Action item:
Reproduce word for word, from the entries below, the line with "fun i j => / det n A * cofactor n A j i.", the line with "(* A is well-rounded: S_1(A)", and every line between them, and nothing more.

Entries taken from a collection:

(* Let $A\in\mathcal X$ be such that there exist linearly independent $v_1,\dots,v_n\in\mathbb Z^n$ with $\mathcal S_1(A)=\{\pm v_1,\dots,\pm v_n\}$, let $B$ be the matrix with columns $v_1,\dots,v_n$, and define $g_2:\mathbb R^{n-1}\to S_n$ by $g_2(x)=A\,B\,D(x)\,B^{-1}$, where for $x=(a_1,\dots,a_{n-1})$, $D(x)=\mathrm{diag}(e^{a_1},\dots,e^{a_{n-1}},e^{-a_1-\dots-a_{n-1}})$. Then there is $\epsilon>0$ such that for all $x$ with $|x|<\epsilon$: $g_2(x)\in\mathcal X$ if and only if $x=0$; and if moreover $x\neq0$ and $v\in\mathcal S_1(g_2(x))$, then $\lim_{t\to\infty}l_v(g_2(tx))=0$.
   Context: $S_n=\mathrm{SO}_n\backslash\mathrm{SL}_n\mathbb R$; a point is represented by a matrix up to left $\mathrm{SO}_n$ (here $A$ denotes a representative in $\mathrm{SL}_n\mathbb R$; $ABD(x)B^{-1}\in\mathrm{SL}_n\mathbb R$). For $v\in\mathbb R^n$, $l_v(A)=|Av|$. $\mathrm{syst}_1(A)=\min_{v\in\mathbb Z^n\setminus\{0\}}|Av|$, $\mathcal S_1(A)=\{v\in\mathbb Z^n:|Av|=\mathrm{syst}_1(A)\}$; $A$ is well-rounded if $\mathcal S_1(A)$ spans $\mathbb R^n$, and $\mathcal X$ is the set of well-rounded points. *)

From Stdlib Require Import Reals Lra ZArith Arith List.
Open Scope R_scope.

(* Matrices and vectors are represented as functions on indices; only
   indices < n are meaningful for n x n matrices / vectors of R^n. *)
Definition Vec := nat -> R.
Definition Mat := nat -> nat -> R.
Definition ZVec := nat -> Z.

Fixpoint sumR (n : nat) (f : nat -> R) : R :=
  match n with
  | O => 0
  | S m => sumR m f + f m
  end.

Definition mat_vec (n : nat) (A : Mat) (v : Vec) : Vec :=
  fun i => sumR n (fun j => A i j * v j).

Definition mmul (n : nat) (A B : Mat) : Mat :=
  fun i k => sumR n (fun j => A i j * B j k).

Definition vnorm (n : nat) (v : Vec) : R := sqrt (sumR n (fun i => v i ^ 2)).

Definition minor (i j : nat) (A : Mat) : Mat :=
  fun r c => A (if (r <? i)%nat then r else S r) (if (c <? j)%nat then c else S c).

Fixpoint det (n : nat) (A : Mat) : R :=
  match n with
  | O => 1
  | S m => sumR (S m) (fun j => (-1) ^ j * A 0%nat j * det m (minor 0 j A))
  end.

Definition cofactor (n : nat) (A : Mat) (i j : nat) : R :=
  (-1) ^ (i + j) * det (n - 1) (minor i j A).

Definition inv (n : nat) (A : Mat) : Mat :=
  fun i j => / det n A * cofactor n A j i.

Definition toR (w : ZVec) : Vec := fun i => IZR (w i).

Definition lv (n : nat) (A : Mat) (w : ZVec) : R := vnorm n (mat_vec n A (toR w)).

Definition nonzeroZ (n : nat) (w : ZVec) : Prop :=
  exists i, (i < n)%nat /\ w i <> 0%Z.

Definition in_S1 (n : nat) (A : Mat) (w : ZVec) : Prop :=
  nonzeroZ n w /\ forall u : ZVec, nonzeroZ n u -> lv n A w <= lv n A u.

(* A is well-rounded: S_1(A) spans R^n (every vector is a finite
   real linear combination of elements of S_1(A)). *)
Definition well_rounded (n : nat) (A : Mat) : Prop :=
  forall y : Vec, exists l : list (R * ZVec),
    Forall (fun p => in_S1 n A (snd p)) l /\
    forall i, (i < n)%nat ->
      y i = fold_right (fun p acc => fst p * IZR (snd p i) + acc) 0 l.

Definition colmat (v : nat -> ZVec) : Mat := fun i k => IZR (v k i).

Definition lin_indep (n : nat) (v : nat -> ZVec) : Prop :=
  forall c : nat -> R,
    (forall i, (i < n)%nat -> sumR n (fun k => c k * IZR (v k i)) = 0) ->
    forall k, (k < n)%nat -> c k = 0.

Definition zeqv (n : nat) (w u : ZVec) : Prop := forall i, (i < n)%nat -> w i = u i.
Definition zopp (u : ZVec) : ZVec := fun i => (- u i)%Z.

Definition Dmat (n : nat) (x : Vec) : Mat :=
  fun i j => if (i =? j)%nat then
               (if (i <? n - 1)%nat then exp (x i) else exp (- sumR (n - 1) x))
             else 0.

Definition g2 (n : nat) (A : Mat) (v : nat -> ZVec) (x : Vec) : Mat :=
  mmul n (mmul n (mmul n A (colmat v)) (Dmat n x)) (inv n (colmat v)).

Definition vscale (t : R) (x : Vec) : Vec := fun i => t * x i.

(* Write W = A B and let c(u) = B^{-1} u be the coordinates of u in the basis
   v_1, ..., v_n of minimal vectors of A.  Then g_2(x) u = W D(x) c(u), so the
   basis vectors are simply rescaled, l_{v_k}(g_2(x)) = e^{d_k(x)} lam, where
   lam = syst_1(A) and d_k(x) are the diagonal exponents of D(x) (they sum to 0).

   1. We identify the concrete matrices of the statement (Laplace determinant,
      adjugate inverse) with MathComp matrices; this gives the formula above.
   2. Discreteness: only finitely many integer vectors have |A u| <= lam + 1, so
      the vectors other than +-v_k have length >= lam2 for some lam2 > lam.
   3. Perturbation: for |x| small, D(x) is close to the identity and every such
      vector keeps length > lam under g_2(x).
   4. Hence S_1(g_2(x)) consists of the +-v_k whose exponent d_k(x) is minimal.
      Well-roundedness forces all exponents to be minimal, hence equal, hence 0;
      and for x <> 0 the minimal exponent is negative, so l_v(g_2(tx)) =
      e^{t d_k(x)} lam tends to 0.  The main theorem assembles these facts. *)

From Stdlib Require Import Reals Lra Lia ZArith Arith List Classical.
Set Warnings "-notation-overridden -ambiguous-paths".
From mathcomp Require Import all_boot all_algebra.
From mathcomp Require Import Rstruct.
From Pilot Require Import Defs.
Open Scope R_scope.

Definition mx (n : nat) (A : Mat) : 'M[R]_n := \matrix_(i < n, j < n) A i j.
Definition cv (n : nat) (y : Vec) : 'cV[R]_n := \col_(i < n) y i.

Lemma sumR_big n f : sumR n f = (\sum_(i < n) f i)%R.
Proof. by elim: n => [|n IH] /=; rewrite ?big_ord0 // big_ord_recr /= IH. Qed.

Lemma mx_mmul n A B : mx n (mmul n A B) = (mx n A *m mx n B)%R.
Proof. apply/matrixP=> i j; rewrite !mxE /mmul sumR_big; apply: eq_bigr => k _; by rewrite !mxE. Qed.

Lemma cv_matvec n A y : cv n (mat_vec n A y) = (mx n A *m cv n y)%R.
Proof. apply/matrixP=> i j; rewrite !mxE /mat_vec sumR_big; apply: eq_bigr => k _; by rewrite !mxE. Qed.

Lemma cv_eq n y z : cv n y = cv n z -> forall i, (i < n)%coq_nat -> y i = z i.
Proof.
move=> E i /ltP Hi.
by have := congr1 (fun M : 'cV[R]_n => M (Ordinal Hi) ord0) E; rewrite !mxE.
Qed.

Task response:
  fun i j => / det n A * cofactor n A j i.

Definition toR (w : ZVec) : Vec := fun i => IZR (w i).

Definition lv (n : nat) (A : Mat) (w : ZVec) : R := vnorm n (mat_vec n A (toR w)).

Definition nonzeroZ (n : nat) (w : ZVec) : Prop :=
  exists i, (i < n)%nat /\ w i <> 0%Z.

Definition in_S1 (n : nat) (A : Mat) (w : ZVec) : Prop :=
  nonzeroZ n w /\ forall u : ZVec, nonzeroZ n u -> lv n A w <= lv n A u.

(* A is well-rounded: S_1(A) spans R^n (every vector is a finite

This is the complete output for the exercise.